Поэт интересовался науками жизненного роста, возникновения жизненных форм, на этой почве подружился с биологом Борисом Сергеевичем Кузиным, увлекался ламаркизмом. А Ламарк учил, что физические признаки не только могут приобретаться в течение жизни, но и могут наследоваться, Мандельштам и писал, что природа – черновик, она «учится» и меняется вследствие обучения! Поэтому Ламарк у него «за честь природы фехтовальщик»22. И поэт близко, как свое, кровное мироощущение, воспринял философию Бергсона, в ее основе «элан виталь» – жизненный порыв, бьющий из сердцевины мирозданья. Т.е. в основе творения не вечные, неизменные и умопостигаемые структуры, а становление жизни во времени, стихийное, хаотическое, глубоко спрятавшее свой «тайный план».

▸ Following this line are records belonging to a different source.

(* For every integer $n\ge2$, \[ Q_n(x)=\sum_{j=0}^{\lfloor n/2\rfloor}Y(n-j,j)(1+x)^j=\sum_{j=0}^{\lfloor n/2\rfloor}\left(\binom{n-j}{j}+\binom{n-j-1}{j-1}\right)(1+x)^j . \]
   Context: For $n\ge1$ let $\Xi_n$ be the poset on $\{x_1,\dots,x_n\}$ whose cover relations are exactly: $x_2\prec x_1$, $x_3\prec x_2$, and for $3\le i\le n-1$, $x_i\prec x_{i+1}$ if $i$ is odd and $x_{i+1}\prec x_i$ if $i$ is even (so $x_1>x_2>x_3<x_4>x_5<\cdots$). A filter of a poset is an up-closed subset. The matchable Lucas cube $\Omega_n$ is the graph whose vertices are the filters of $\Xi_n$, two filters adjacent iff one is obtained from the other by deleting a single element. $q_{n,k}$ denotes the number of induced subgraphs of $\Omega_n$ isomorphic to the $k$-dimensional hypercube, and $Q_n(x)=\sum_{k\ge0}q_{n,k}x^k$. The Lucas triangle is $Y(n,k)=\binom nk+\binom{n-1}{k-1}$ for $0\le k\le n$ (binomial coefficients with negative lower index are $0$ except that $\binom{-1}{-1}=1$). *)

From HB Require Import structures.
From mathcomp Require Import all_boot all_order all_algebra.
Set Implicit Arguments. Unset Strict Implicit. Unset Printing Implicit Defensive.
Import GRing.Theory.

(* Element x_{i+1} of Xi_n is represented by i : 'I_n (0-indexed). *)

(* Cover relation of Xi_n, 1-indexed: xi_cov1 n a b  <=>  x_a covered by x_b (x_a ≺ x_b). *)
Definition xi_cov1 (n a b : nat) : bool :=
  [|| (a == 2) && (b == 1),
      (a == 3) && (b == 2),
      [&& 3 <= a, a <= n.-1, odd a & b == a.+1]
    | [&& 3 <= b, b <= n.-1, ~~ odd b & a == b.+1]].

Однако, «с другой стороны», как отмечал, например, В.М. Жирмунский в статье «Преодолевшие символизм» (1916), у Мандельштама с живой и твердой реальной действительностью, с плотью жизни разорваны все связи, и он
не только не знает лирики любви или лирики природы, обычных тем эмоциональных и лирических стихов, он вообще никогда не рассказывает о себе, о своей душе, о своем непосредственном восприятии жизни, внешней или внутренней. Пользуясь терминологией Фридриха Шлегеля, можно назвать его стихи не поэзией жизни, а «поэзией поэзии» («die Poesie der Poesie»), т. е. поэзией, имеющей своим предметом не жизнь, непосредственно воспринятую самим поэтом, а чужое художественное восприятие жизни. Мандельштаму свойственно чувствовать своеобразие чужих поэтических индивидуальностей и чужих художественных культур, и эти культуры он воспроизводит по‐своему, проникновенным творческим воображением.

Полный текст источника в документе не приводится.